T5 (Text-to-Text Transfer Transformer) is explicitly trained to follow a **prefix + input** format, guiding it to perform the correct NLP task.

## Why Prefixes Matter
T5 was trained using structured prompts like:
- `translate English to French: How are you?` → `Comment allez-vous?`
- `summarize: The Eiffel Tower is in Paris.` → `Eiffel Tower is in Paris.`
- `question: Who discovered gravity? context: Isaac Newton discovered gravity.` → `Isaac Newton`
- `sentiment: I love this movie!` → `positive`

## Without a Prefix?
❌ `How are you?` → (Unpredictable output)  
✅ `translate English to French: How are you?` → `Comment allez-vous?`

## Custom Prefixes
Fine-tune T5 with your own prefixes:
- `explain: What is...`
- `medical diagnosis: Patient has high fever...`

In [4]:
import torch
import pandas as pd
from transformers import T5Tokenizer, T5ForConditionalGeneration, Trainer, TrainingArguments
from datasets import Dataset

csv_filename = "explain_dataset.csv"

df = pd.read_csv(csv_filename)
dataset = Dataset.from_pandas(df)

def preprocess_function(examples):
    inputs = examples["Input"]
    targets = examples["Response"]
    
    model_inputs = tokenizer(inputs, max_length=64, truncation=True, padding="max_length")
    
    labels = tokenizer(targets, max_length=64, truncation=True, padding="max_length").input_ids

    model_inputs["labels"] = labels
    
    return model_inputs

tokenized_dataset = dataset.map(preprocess_function, batched=True)

dataset_split = tokenized_dataset.train_test_split(test_size=0.2)

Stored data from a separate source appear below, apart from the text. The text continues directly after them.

Lemma gr_act_e_psi m : gr_act (e_psi psi) m = [ffun u => char_form psi m * char_vec u].
Proof.
apply/ffunP => -[[] w]; rewrite !ffunE /= char_formE mulr_suml.
have inj_w : injective (fun s : Delta p => w * s^-1)%g by move=> s t /mulgI/invg_inj.
rewrite (reindex_inj inj_w); apply: eq_bigr => s _.
by rewrite ffunE /= invgM invgK mulgVK (is_characterM psi_char); ring.
Qed.

Lemma char_form_char_vec : (p.-1%:R : O) \is a GRing.unit -> char_form psi char_vec = 1.
Proof.
move=> p1_unit; rewrite char_formE.
under eq_bigr do rewrite ffunE /= mulrCA (is_characterV psi_char) mulr1.
by rewrite sum_Delta // sumr_const_nat subn1 -[LHS]mulr_natr mulVr.
Qed.

Lemma adj_eigenvalueE : adj_eigenvalue = 1 - psi_lin psi (ptheta p).
Proof.
rewrite /adj_eigenvalue sum_alphaX // is_character1 // psi_lin_ptheta opprK.
by congr (_ + _); apply: eq_bigr => i _; rewrite mulr_natl.
Qed.

End PsiComponent.

Section PsiPartOfBowenFranks.

Variables (O : idomainType) (p : nat) (psi : Delta p -> O).
Hypotheses (p_pr : prime p) (psi_char : is_character psi).
Hypothesis p1_unit : (p.-1%:R : O) \is a GRing.unit.

Local Notation c := (psi_lin psi (ptheta p)).
Local Notation F := (char_form psi).
Local Notation E := (char_vec psi).

Lemma char_form_subadjY z : F (z - adjY z) = c * F z.
Proof. by rewrite raddfB /= char_form_adjY // adj_eigenvalueE //; ring. Qed.

Lemma char_form_scale_char_vec y : F [ffun u => y * E u] = y.
Proof. by rewrite char_formZ char_form_char_vec // mulr1. Qed.

Lemma ePsiBF_scale_char_vec y : ePsiBF psi [ffun u => y * E u].
Proof.
exists [ffun u => y * E u]; exists 0.
by rewrite gr_act_e_psi // char_form_scale_char_vec raddf0 !subrr.
Qed.

Lemma char_form_imIA x : imIA x -> idealO c (F x).
Proof. by case=> z ->; exists (F z); rewrite char_form_subadjY. Qed.

Lemma imIA_char_form x : ePsiBF psi x -> idealO c (F x) -> imIA x.
Proof.
case=> m [z x_eq] [k Fx_eq].
have {}x_eq : x = [ffun u => F m * E u] + (z - adjY z).
  by rewrite -gr_act_e_psi // -x_eq addrC subrK.
have Fm_eq : F m = c * (k - F z).
  move: Fx_eq; rewrite x_eq raddfD /= char_form_scale_char_vec char_form_subadjY.
  by rewrite mulrBr => <-; ring.
exists ([ffun u => (k - F z) * E u] + z).
rewrite raddfD /= adjY_char_vec // adj_eigenvalueE // x_eq Fm_eq.
by apply/ffunP => u; rewrite !ffunE; ring.
Qed.

Lemma psi_part_iso :
  subquot_iso (M1 := {ffun VY p -> O^o}) (M2 := O^o)
    (ePsiBF psi) (@imIA O p) (fun _ => True) (idealO c).
Proof.
exists F; split=> //.
- by move=> x y _ _ /char_form_imIA; rewrite raddfB.
- move=> a x y _ _; exists 0.
  have -> : a *: x + y = [ffun u => a * x u] + y by apply/ffunP => u; rewrite !ffunE.
  by rewrite raddfD /= char_formZ subrr mulr0.
- exact: imIA_char_form.
- move=> y _; exists [ffun u => y * E u]; first exact: ePsiBF_scale_char_vec.
  by exists 0; rewrite char_form_scale_char_vec subrr mulr0.
Qed.

End PsiPartOfBowenFranks.

Lemma subquot_iso_eqN2 (R : nzRingType) (M1 M2 : lmodType R)
    (W1 N1 : M1 -> Prop) (W2 N2 N2' : M2 -> Prop) :
  (forall y, N2 y <-> N2' y) -> subquot_iso W1 N1 W2 N2 -> subquot_iso W1 N1 W2 N2'.
Proof.
move=> eqN [f [fW fN fZ fK fS]]; exists f; split=> //.
- by move=> x y Wx Wy /fN/eqN; apply.
- by move=> a x y Wx Wy; apply/eqN/fZ.
- by move=> x Wx /eqN; apply: fK.
- by move=> y /fS[x Wx /eqN]; exists x.
Qed.

Unset Implicit Arguments.

Theorem theorem5p11 (p l : nat) (O : idomainType) (zeta : O) (psi : Delta p -> O) :
  prime p -> odd p -> prime l -> ~~ (l %| p.-1)%N ->
  is_val_ring_Ql_mu l p.-1 zeta ->
  is_character psi ->
  subquot_iso (M1 := {ffun VY p -> O^o}) (M2 := O^o)
    (ePsiBF psi) (@imIA O p) (fun _ => True) (idealO (psi_lin psi (ptheta p)))
  /\
  (psi (sigma p p.-1) = 1 -> (exists s, psi s != 1) ->
   subquot_iso (M1 := {ffun VY p -> O^o}) (M2 := O^o)
    (ePsiBF psi) (@imIA O p) (fun _ => True) (fun y : O^o => y = 0)).
Proof.
move=> p_pr _ l_pr l_ndvd [[l_neq0 l_nunit] l_adic _ _ _] psi_char.
have p1_unit : (p.-1%:R : O) \is a GRing.unit.
  by apply: natr_unit_coprime l_nunit l_adic; rewrite prime_coprime.
have iso := psi_part_iso p_pr psi_char p1_unit.
split=> // psi_even psi_nontriv.
have ptheta0 := psi_lin_ptheta_even p_pr psi_char psi_even psi_nontriv
                  (natr2_neq0 l_neq0 l_nunit).
apply: subquot_iso_eqN2 iso => y; rewrite ptheta0.
by split=> [[z ->]|->]; [rewrite mul0r | exists 0; rewrite mul0r].
Qed.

train_dataset = dataset_split["train"]
eval_dataset = dataset_split["test"]

training_args = TrainingArguments(
    output_dir="./t5-fine-tuned",
    evaluation_strategy="epoch",
    learning_rate=3e-4,
    per_device_train_batch_size=4,
    num_train_epochs=3,
    save_strategy="epoch",
    save_total_limit=2,
)

trainer = Trainer(
    model=model,
    args=training_args,
    train_dataset=train_dataset,
    eval_dataset=eval_dataset,
)

trainer.train()

# Save the fine-tuned model
model.save_pretrained("./t5-custom-response")
tokenizer.save_pretrained("./t5-custom-response")

print("Fine-tuning complete! Model saved to ./t5-custom-response")

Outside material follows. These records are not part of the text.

Lemma covering_chain_bounds L0 s w :
  (forall u, cinit (L0 u)) -> chain cstep L0 s -> ctarget (last L0 s w) ->
  n <= #|V| /\ n ^ 2 <= size s.
Proof.
move=> L0init L0s target_w; set L := last L0 s in target_w.
have level_L : level_sum L = size s.
  rewrite (chain_last_measure cstep_level_sum L0s) /level_sum big1 // => u _.
  by case: (cinit_spec (L0init u)).
have bounded_L : collector_bounded L.
  apply: (chain_last_inv cstep_collector_bounded _ L0s) => u.
  by case: (cinit_spec (L0init u)) => _ ->.
have n_done : n <= done_count L.
  by move: (bounded_L w) target_w; case: (L w) => [//|k] /= ? /eqP <-.
have done_V : done_count L <= #|V|.
  by rewrite -sum1_card; apply: leq_sum => u _; apply: worker_done_le1.
have done_level : n.+1 * done_count L <= level_sum L.
  by rewrite big_distrr; apply: leq_sum => u _; apply: worker_done_level.
split; first exact: leq_trans done_V.
rewrite -level_L; apply: leq_trans done_level; rewrite expnS expn1 mulnC.
by apply: leq_mul.
Qed.

Lemma covering_execution_bounds (step : cconfig -> cconfig -> Prop) g0 gs :
  (forall g g', step g g' -> cstep (clab g) (clab g')) ->
  execution step g0 gs -> covers (@ctarget n) g0 gs ->
  n <= #|V| /\ n ^ 2 <= size gs.
Proof.
move=> stepP exec_gs [w target_w]; rewrite -(size_map (@clab _ V)).
apply: (covering_chain_bounds (w := w) _ (execution_chain_bcast_all stepP exec_gs)).
  by case: exec_gs.
by rewrite last_map.
Qed.
End LowerBound.

Section UpperBound.
Variable n : nat.
Local Notation V := (option 'I_n).
Local Notation cstep := (@bcast_all (counting_protocol n) V).
Local Notation cconfig := (config (counting_protocol n) V).

Definition stage (j l : nat) (u : V) : pstate (counting_protocol n) :=
  match u with
  | None => inr (inord j)
  | Some i => inl (if i < j then inord n.+1 else if i == j :> nat then inord l else inord 0)
  end.

Lemma stage_other_worker j (lt_j_n : j < n) i :
  Some i != Some (Ordinal lt_j_n) :> V -> (i == j :> nat) = false.
Proof. by apply: contraNF => /eqP ij; apply/eqP; congr Some; apply: val_inj. Qed.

Map:   0%|          | 0/1000 [00:00<?, ? examples/s]

dataloader_config = DataLoaderConfiguration(dispatch_batches=None, split_batches=False)


Epoch,Training Loss,Validation Loss
1,No log,0.004157
2,No log,0.000495
3,0.234400,0.000281


Fine-tuning complete! Model saved to ./t5-custom-response


In [5]:
original_model = T5ForConditionalGeneration.from_pretrained("t5-small")
fine_tuned_model = T5ForConditionalGeneration.from_pretrained("./t5-custom-response")

def generate_response(model, input_text):
    input_ids = tokenizer(input_text, return_tensors="pt").input_ids
    output_ids = model.generate(input_ids, max_length=64)
    return tokenizer.decode(output_ids[0], skip_special_tokens=True)

test_question = "explain: What is machine learning?"

original_output = generate_response(original_model, test_question)
fine_tuned_output = generate_response(fine_tuned_model, test_question)

print("Original Model Output:")
print(original_output)
print("\n\n\nFine-Tuned Model Output:")
print(fine_tuned_output)



Original Model Output:
Warum ist die Frage, wie machmach learning?



Fine-Tuned Model Output:
Machine learning is a subset of AI that enables systems to learn from data and improve without explicit programming.